Когда, растолкав спасительных овец, Кудинов в десятый раз ввалился в будущий понедельник и застыл там перед дверью с табличкой «Управляющий» — он решительно отбросил одеяло, встал и, стараясь не цеплять в темноте мебель, отправился на кухню.

На кухне налил стакан вермута, капнул в него апельсинового сока и, запахнув халат, ушел на лоджию.

Здесь, укутанный в плед, он устроился в том самом кресле, в котором когда-то начнет свою историю про суд над Джульеттой, и, потягивая из стакана, принялся ждать. Алкоголь действовал медленно и не всегда с первой дозы.

На другом конце поселка уныло, одиночными лаяла собака. Тоже бессонница. Тоже, значит, считает, чтобы уснуть. Слава богу, соседские бобики на далекий лай не отзываются… Окрестная тишина нарушалась лишь редким, затихающим покряхтыванием качелей. Неподалеку детская площадка. Наверное, какой-нибудь ночной забулдыга сидел на качелях, недавно поднялся, а они теперь качаются ему вдогонку, скрипят.

Скоро и качели умолкли.

Луна висела спелая, тяжелая. Открытая луне, середка двора льдисто тлела, куски мрака по краям лежали какие-то праздничные, точно обернутые в подарочную упаковку. Под самым забором, за кустом сирени, раздались вдруг шорохи, перестуки. Ничуть не вороватый — полновесный хозяйский шум. Невидимый ночной хозяин занялся там каким-то серьезным невидимым делом. Лёшка когда еще уверял, что во дворе завелся ёж…
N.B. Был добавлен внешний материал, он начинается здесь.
Lemma mom1_1subX2n p j : (j <= p)%N ->
  mom1 p.+1 ((1 - 'X^2) ^+ j) * (p - j)`!%:R = (-1) ^+ p / 2 * poch 2^-1 (p - j)%N * p`!%:R.
Proof.
have two_neq0 : (2 : R) != 0 by rewrite pnatr_eq0.
elim: j => [|j IH] le_jp.
  rewrite expr0 -(expr0 'X) mom1_Xn (@moment_double p.+1 0) // !subn0 poch_natSl.
  have -> : - 2^-1 + 1 = 2^-1 :> R by field.
  have poch0 : poch (2^-1 : R) 0%N = 1 by rewrite /poch big_ord0.
  by rewrite exprS poch0; field.
have := IH (ltnW le_jp); have := mom1_1subX2n_rec (q := p.+1) (ltnW le_jp).
have [r ->] : exists r, p = (j + r).+1 by exists (p - j.+1)%N; lia.
rewrite (_ : ((j + r).+1 - j = r.+1)%N); last by lia.
rewrite (_ : ((j + r).+1 - j.+1 = r)%N); last by lia.
set n1 := mom1 _ ((1 - 'X^2) ^+ j.+1); set n0 := mom1 _ ((1 - 'X^2) ^+ j).
move=> rec IH'.
have r21_neq0 : (2 * r).+1%:R != 0 :> R by rewrite pnatr_eq0.
have -> : n1 = n0 * (2 * r + 2)%:R / (2 * r).+1%:R.
  apply: (mulIf r21_neq0); rewrite mulfVK //.
  by apply/eqP; rewrite -subr_eq0 -oppr_eq0 -rec; apply/eqP; ring.
have -> : n0 = (-1) ^+ (j + r).+1 / 2 * poch 2^-1 r.+1 * (j + r).+1`!%:R / r.+1`!%:R.
  by rewrite -IH' mulfK ?fact_neq0.
rewrite poch_natS [r.+1`!]factS natrM.
by field; rewrite fact_neq0 -natrM !nat1r !pnatr_eq0.
Qed.

Section UVMoments.
Variable q : nat.

Definition muv a b : R := mom2 q (uxy ^+ a * vxy ^+ b).

Lemma muv_recX a b : (a + b < 2 * q)%N ->
  (muv a.-1 b.+1 *+ a + muv a.+1 b.-1 *+ b) *+ 2 + muv a b.+1 *+ (2 * q)
  = muv a b.+1 *+ (2 + a + b).
Proof.
move=> lt_ab_2q.
have := mom2_Lop (leq_trans (size_uv a b) lt_ab_2q).
rewrite Lop_uv mom2B [X in _ - X]mom2Mn !mom2D !mom2Mn.
move=> /eqP; rewrite subr_eq0 => /eqP eq_Lop.
have mom2_X : mom2 q ('X * uxy ^+ a * vxy ^+ b) *+ 2 = muv a b.+1.
  by rewrite -mulrA -mom2_Y_sym ?swapXY_uv // mom2_Y_vxy ?swapXY_uv // /muv exprS mulrCA.
by rewrite -mom2_X ![_ *+ 2 *+ _]mulrnAC -mulrnDl eq_Lop.
Qed.

Lemma muv_recY a b : (a + b < 2 * q)%N ->
  muv a.-1 b.+2 *+ a + muv a.+1 b *+ b + (muv a.+1 b - muv a b) *+ 2 *+ (2 * q)
  = (muv a.+1 b - muv a b) *+ 2 *+ (2 + a + b).
Proof.
move=> lt_ab_2q.
have size_YP : (size ('Y * (uxy ^+ a * vxy ^+ b) : {poly {poly R}})%R <= 2 * q)%N.
  by rewrite mul_polyC (leq_trans (size_scale_leq _ _)) // (leq_trans (size_uv a b)).
have := mom2_Lop size_YP; rewrite Lop_mulY Lop_uv mulrBr mom2B.
rewrite [X in _ - mom2 q X]mulrnAr [X in _ - X]mom2Mn !mulrDr !mom2D !mulrnAr !mom2Mn.
move=> /eqP; rewrite subr_eq0 => /eqP eq_Lop.
have sym_Y c d : mom2 q ('Y * (uxy ^+ c * vxy ^+ d)) *+ 2 = muv c d.+1.
  by rewrite mom2_Y_vxy ?swapXY_uv // /muv exprS mulrCA.
have mom2_XY : mom2 q ('Y * ('X * uxy ^+ a * vxy ^+ b)) = muv a.+1 b - muv a b.
  by rewrite /muv -mom2B exprS; congr mom2; rewrite /uxy; ring.
have Y2_b : mom2 q ('Y * (uxy ^+ a.+1 * vxy ^+ b.-1)) *+ 2 *+ b = muv a.+1 b *+ b.
  by rewrite sym_Y; case: (b).
rewrite -mom2_XY -(sym_Y a.-1 b.+1) -Y2_b.
by rewrite ![_ *+ 2 *+ _]mulrnAC -!mulrnDl eq_Lop.
Qed.

Definition muv_odd i := muv (2 * q - 1 - 2 * i) (2 * i).
Definition muv_even k := muv (2 * q - 2 * k) (2 * k).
Стакан был выпит до половины, когда Кудинов почувствовал первое прикосновение долгожданной ласковой пустоты.

— Здравствуй, — шепнул он в монгольское лицо луны.

Лицо осталось траурно-отрешенным, всматриваясь поверх Кудинова в свои холодные потусторонние степи.

— Всегда так, — сказал мама. — Ты разве не знал?

— Нет, — ответил Кудинов.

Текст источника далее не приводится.